[Extracted records]

□ □ □ □ □

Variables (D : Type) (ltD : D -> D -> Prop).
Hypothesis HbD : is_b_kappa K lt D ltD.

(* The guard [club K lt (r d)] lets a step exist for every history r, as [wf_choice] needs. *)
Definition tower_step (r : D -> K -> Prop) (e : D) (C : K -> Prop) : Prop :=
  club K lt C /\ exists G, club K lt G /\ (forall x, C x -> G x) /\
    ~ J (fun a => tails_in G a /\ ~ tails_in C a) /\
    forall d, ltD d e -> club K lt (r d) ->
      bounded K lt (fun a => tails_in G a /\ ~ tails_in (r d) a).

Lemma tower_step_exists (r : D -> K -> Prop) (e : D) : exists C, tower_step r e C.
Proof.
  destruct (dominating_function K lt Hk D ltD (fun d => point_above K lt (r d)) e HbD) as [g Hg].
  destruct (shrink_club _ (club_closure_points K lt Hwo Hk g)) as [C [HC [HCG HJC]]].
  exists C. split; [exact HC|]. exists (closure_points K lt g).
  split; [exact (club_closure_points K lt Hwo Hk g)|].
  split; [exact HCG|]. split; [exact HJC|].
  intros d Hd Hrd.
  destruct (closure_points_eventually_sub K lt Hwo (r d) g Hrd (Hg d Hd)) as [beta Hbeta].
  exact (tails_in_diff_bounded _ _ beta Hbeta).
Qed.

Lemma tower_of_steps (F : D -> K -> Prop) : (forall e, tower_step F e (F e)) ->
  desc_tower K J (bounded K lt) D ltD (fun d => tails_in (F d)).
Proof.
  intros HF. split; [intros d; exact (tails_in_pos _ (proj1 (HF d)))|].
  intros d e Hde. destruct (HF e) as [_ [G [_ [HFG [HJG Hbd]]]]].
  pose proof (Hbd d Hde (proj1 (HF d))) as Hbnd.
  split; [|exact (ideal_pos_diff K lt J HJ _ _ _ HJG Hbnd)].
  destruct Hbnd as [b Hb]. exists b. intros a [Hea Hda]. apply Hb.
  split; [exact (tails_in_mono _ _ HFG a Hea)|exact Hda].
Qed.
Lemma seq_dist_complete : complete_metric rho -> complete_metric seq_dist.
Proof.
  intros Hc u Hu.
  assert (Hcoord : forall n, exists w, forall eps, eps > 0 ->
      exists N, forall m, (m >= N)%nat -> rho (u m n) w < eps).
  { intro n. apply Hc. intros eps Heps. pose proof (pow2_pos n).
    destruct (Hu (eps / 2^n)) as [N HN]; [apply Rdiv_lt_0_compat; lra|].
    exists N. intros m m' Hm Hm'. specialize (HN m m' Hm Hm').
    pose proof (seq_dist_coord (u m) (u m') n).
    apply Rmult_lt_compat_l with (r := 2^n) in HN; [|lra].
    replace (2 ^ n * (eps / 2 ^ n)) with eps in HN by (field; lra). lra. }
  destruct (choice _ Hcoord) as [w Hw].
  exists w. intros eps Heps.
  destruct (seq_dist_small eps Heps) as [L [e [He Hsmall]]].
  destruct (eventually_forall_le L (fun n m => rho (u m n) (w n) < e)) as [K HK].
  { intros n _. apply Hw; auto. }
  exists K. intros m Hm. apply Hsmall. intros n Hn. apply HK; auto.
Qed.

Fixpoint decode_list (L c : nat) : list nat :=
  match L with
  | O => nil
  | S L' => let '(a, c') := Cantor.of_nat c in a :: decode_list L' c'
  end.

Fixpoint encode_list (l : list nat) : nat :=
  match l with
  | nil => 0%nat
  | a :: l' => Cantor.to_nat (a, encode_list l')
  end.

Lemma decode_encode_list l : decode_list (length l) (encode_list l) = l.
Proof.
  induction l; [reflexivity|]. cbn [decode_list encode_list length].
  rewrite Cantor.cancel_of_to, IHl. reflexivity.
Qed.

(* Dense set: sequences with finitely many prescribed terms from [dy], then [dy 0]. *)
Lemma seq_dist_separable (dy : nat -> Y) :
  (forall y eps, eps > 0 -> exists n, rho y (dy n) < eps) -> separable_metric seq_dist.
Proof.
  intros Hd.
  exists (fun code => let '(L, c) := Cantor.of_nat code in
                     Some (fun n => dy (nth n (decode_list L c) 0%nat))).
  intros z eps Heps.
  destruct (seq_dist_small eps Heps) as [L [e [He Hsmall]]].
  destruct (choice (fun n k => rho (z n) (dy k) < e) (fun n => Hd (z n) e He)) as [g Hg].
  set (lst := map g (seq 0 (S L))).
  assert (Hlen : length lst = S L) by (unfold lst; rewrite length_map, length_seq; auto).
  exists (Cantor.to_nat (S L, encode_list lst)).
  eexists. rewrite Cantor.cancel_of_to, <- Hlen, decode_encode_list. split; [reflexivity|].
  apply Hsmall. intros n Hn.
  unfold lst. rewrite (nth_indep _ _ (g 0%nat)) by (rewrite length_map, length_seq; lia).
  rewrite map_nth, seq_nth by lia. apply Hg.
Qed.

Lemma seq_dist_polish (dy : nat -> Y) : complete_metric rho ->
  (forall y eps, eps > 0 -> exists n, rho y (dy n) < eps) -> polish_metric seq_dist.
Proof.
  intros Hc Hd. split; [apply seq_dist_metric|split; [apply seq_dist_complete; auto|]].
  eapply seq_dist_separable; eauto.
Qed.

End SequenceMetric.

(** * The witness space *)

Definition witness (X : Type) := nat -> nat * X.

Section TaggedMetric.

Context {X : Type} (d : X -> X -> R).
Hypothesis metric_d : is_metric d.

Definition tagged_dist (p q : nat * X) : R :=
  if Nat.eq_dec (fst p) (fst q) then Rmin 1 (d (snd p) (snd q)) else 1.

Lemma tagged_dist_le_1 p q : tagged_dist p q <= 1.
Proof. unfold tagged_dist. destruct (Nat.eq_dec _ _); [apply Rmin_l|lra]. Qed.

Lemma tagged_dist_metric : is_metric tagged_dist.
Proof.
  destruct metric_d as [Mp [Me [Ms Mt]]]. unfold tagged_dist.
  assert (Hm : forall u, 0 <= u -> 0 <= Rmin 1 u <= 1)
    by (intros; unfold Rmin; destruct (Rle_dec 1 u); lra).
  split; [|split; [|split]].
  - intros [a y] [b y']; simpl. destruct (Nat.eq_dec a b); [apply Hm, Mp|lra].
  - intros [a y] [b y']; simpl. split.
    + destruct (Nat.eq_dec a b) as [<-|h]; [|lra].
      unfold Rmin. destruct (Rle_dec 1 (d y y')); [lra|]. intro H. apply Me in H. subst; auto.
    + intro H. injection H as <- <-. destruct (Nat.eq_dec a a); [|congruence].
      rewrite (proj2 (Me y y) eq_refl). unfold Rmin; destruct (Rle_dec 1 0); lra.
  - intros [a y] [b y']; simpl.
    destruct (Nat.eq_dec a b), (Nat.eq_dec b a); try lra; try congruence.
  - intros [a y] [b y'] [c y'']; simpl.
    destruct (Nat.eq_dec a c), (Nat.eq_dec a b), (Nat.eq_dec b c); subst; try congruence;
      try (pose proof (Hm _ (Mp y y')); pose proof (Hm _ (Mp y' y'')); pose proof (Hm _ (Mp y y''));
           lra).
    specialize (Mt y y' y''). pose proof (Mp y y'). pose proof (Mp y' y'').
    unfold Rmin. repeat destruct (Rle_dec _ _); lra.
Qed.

□ □ □ □ □

Work request: The records shown above should be given again word for word.

Response below:
Variables (D : Type) (ltD : D -> D -> Prop).
Hypothesis HbD : is_b_kappa K lt D ltD.

(* The guard [club K lt (r d)] lets a step exist for every history r, as [wf_choice] needs. *)
Definition tower_step (r : D -> K -> Prop) (e : D) (C : K -> Prop) : Prop :=
  club K lt C /\ exists G, club K lt G /\ (forall x, C x -> G x) /\
    ~ J (fun a => tails_in G a /\ ~ tails_in C a) /\
    forall d, ltD d e -> club K lt (r d) ->
      bounded K lt (fun a => tails_in G a /\ ~ tails_in (r d) a).

Lemma tower_step_exists (r : D -> K -> Prop) (e : D) : exists C, tower_step r e C.
Proof.
  destruct (dominating_function K lt Hk D ltD (fun d => point_above K lt (r d)) e HbD) as [g Hg].
  destruct (shrink_club _ (club_closure_points K lt Hwo Hk g)) as [C [HC [HCG HJC]]].
  exists C. split; [exact HC|]. exists (closure_points K lt g).
  split; [exact (club_closure_points K lt Hwo Hk g)|].
  split; [exact HCG|]. split; [exact HJC|].
  intros d Hd Hrd.
  destruct (closure_points_eventually_sub K lt Hwo (r d) g Hrd (Hg d Hd)) as [beta Hbeta].
  exact (tails_in_diff_bounded _ _ beta Hbeta).
Qed.

Lemma tower_of_steps (F : D -> K -> Prop) : (forall e, tower_step F e (F e)) ->
  desc_tower K J (bounded K lt) D ltD (fun d => tails_in (F d)).
Proof.
  intros HF. split; [intros d; exact (tails_in_pos _ (proj1 (HF d)))|].
  intros d e Hde. destruct (HF e) as [_ [G [_ [HFG [HJG Hbd]]]]].
  pose proof (Hbd d Hde (proj1 (HF d))) as Hbnd.
  split; [|exact (ideal_pos_diff K lt J HJ _ _ _ HJG Hbnd)].
  destruct Hbnd as [b Hb]. exists b. intros a [Hea Hda]. apply Hb.
  split; [exact (tails_in_mono _ _ HFG a Hea)|exact Hda].
Qed.
Lemma seq_dist_complete : complete_metric rho -> complete_metric seq_dist.
Proof.
  intros Hc u Hu.
  assert (Hcoord : forall n, exists w, forall eps, eps > 0 ->
      exists N, forall m, (m >= N)%nat -> rho (u m n) w < eps).
  { intro n. apply Hc. intros eps Heps. pose proof (pow2_pos n).
    destruct (Hu (eps / 2^n)) as [N HN]; [apply Rdiv_lt_0_compat; lra|].
    exists N. intros m m' Hm Hm'. specialize (HN m m' Hm Hm').
    pose proof (seq_dist_coord (u m) (u m') n).
    apply Rmult_lt_compat_l with (r := 2^n) in HN; [|lra].
    replace (2 ^ n * (eps / 2 ^ n)) with eps in HN by (field; lra). lra. }
  destruct (choice _ Hcoord) as [w Hw].
  exists w. intros eps Heps.
  destruct (seq_dist_small eps Heps) as [L [e [He Hsmall]]].
  destruct (eventually_forall_le L (fun n m => rho (u m n) (w n) < e)) as [K HK].
  { intros n _. apply Hw; auto. }
  exists K. intros m Hm. apply Hsmall. intros n Hn. apply HK; auto.
Qed.

Fixpoint decode_list (L c : nat) : list nat :=
  match L with
  | O => nil
  | S L' => let '(a, c') := Cantor.of_nat c in a :: decode_list L' c'
  end.

Fixpoint encode_list (l : list nat) : nat :=
  match l with
  | nil => 0%nat
  | a :: l' => Cantor.to_nat (a, encode_list l')
  end.

Lemma decode_encode_list l : decode_list (length l) (encode_list l) = l.
Proof.
  induction l; [reflexivity|]. cbn [decode_list encode_list length].
  rewrite Cantor.cancel_of_to, IHl. reflexivity.
Qed.

(* Dense set: sequences with finitely many prescribed terms from [dy], then [dy 0]. *)
Lemma seq_dist_separable (dy : nat -> Y) :
  (forall y eps, eps > 0 -> exists n, rho y (dy n) < eps) -> separable_metric seq_dist.
Proof.
  intros Hd.
  exists (fun code => let '(L, c) := Cantor.of_nat code in
                     Some (fun n => dy (nth n (decode_list L c) 0%nat))).
  intros z eps Heps.
  destruct (seq_dist_small eps Heps) as [L [e [He Hsmall]]].
  destruct (choice (fun n k => rho (z n) (dy k) < e) (fun n => Hd (z n) e He)) as [g Hg].
  set (lst := map g (seq 0 (S L))).
  assert (Hlen : length lst = S L) by (unfold lst; rewrite length_map, length_seq; auto).
  exists (Cantor.to_nat (S L, encode_list lst)).
  eexists. rewrite Cantor.cancel_of_to, <- Hlen, decode_encode_list. split; [reflexivity|].
  apply Hsmall. intros n Hn.
  unfold lst. rewrite (nth_indep _ _ (g 0%nat)) by (rewrite length_map, length_seq; lia).
  rewrite map_nth, seq_nth by lia. apply Hg.
Qed.

Lemma seq_dist_polish (dy : nat -> Y) : complete_metric rho ->
  (forall y eps, eps > 0 -> exists n, rho y (dy n) < eps) -> polish_metric seq_dist.
Proof.
  intros Hc Hd. split; [apply seq_dist_metric|split; [apply seq_dist_complete; auto|]].
  eapply seq_dist_separable; eauto.
Qed.

End SequenceMetric.

(** * The witness space *)

Definition witness (X : Type) := nat -> nat * X.

Section TaggedMetric.

Context {X : Type} (d : X -> X -> R).
Hypothesis metric_d : is_metric d.

Definition tagged_dist (p q : nat * X) : R :=
  if Nat.eq_dec (fst p) (fst q) then Rmin 1 (d (snd p) (snd q)) else 1.

Lemma tagged_dist_le_1 p q : tagged_dist p q <= 1.
Proof. unfold tagged_dist. destruct (Nat.eq_dec _ _); [apply Rmin_l|lra]. Qed.

Lemma tagged_dist_metric : is_metric tagged_dist.
Proof.
  destruct metric_d as [Mp [Me [Ms Mt]]]. unfold tagged_dist.
  assert (Hm : forall u, 0 <= u -> 0 <= Rmin 1 u <= 1)
    by (intros; unfold Rmin; destruct (Rle_dec 1 u); lra).
  split; [|split; [|split]].
  - intros [a y] [b y']; simpl. destruct (Nat.eq_dec a b); [apply Hm, Mp|lra].
  - intros [a y] [b y']; simpl. split.
    + destruct (Nat.eq_dec a b) as [<-|h]; [|lra].
      unfold Rmin. destruct (Rle_dec 1 (d y y')); [lra|]. intro H. apply Me in H. subst; auto.
    + intro H. injection H as <- <-. destruct (Nat.eq_dec a a); [|congruence].
      rewrite (proj2 (Me y y) eq_refl). unfold Rmin; destruct (Rle_dec 1 0); lra.
  - intros [a y] [b y']; simpl.
    destruct (Nat.eq_dec a b), (Nat.eq_dec b a); try lra; try congruence.
  - intros [a y] [b y'] [c y'']; simpl.
    destruct (Nat.eq_dec a c), (Nat.eq_dec a b), (Nat.eq_dec b c); subst; try congruence;
      try (pose proof (Hm _ (Mp y y')); pose proof (Hm _ (Mp y' y'')); pose proof (Hm _ (Mp y y''));
           lra).
    specialize (Mt y y' y''). pose proof (Mp y y'). pose proof (Mp y' y'').
    unfold Rmin. repeat destruct (Rle_dec _ _); lra.
Qed.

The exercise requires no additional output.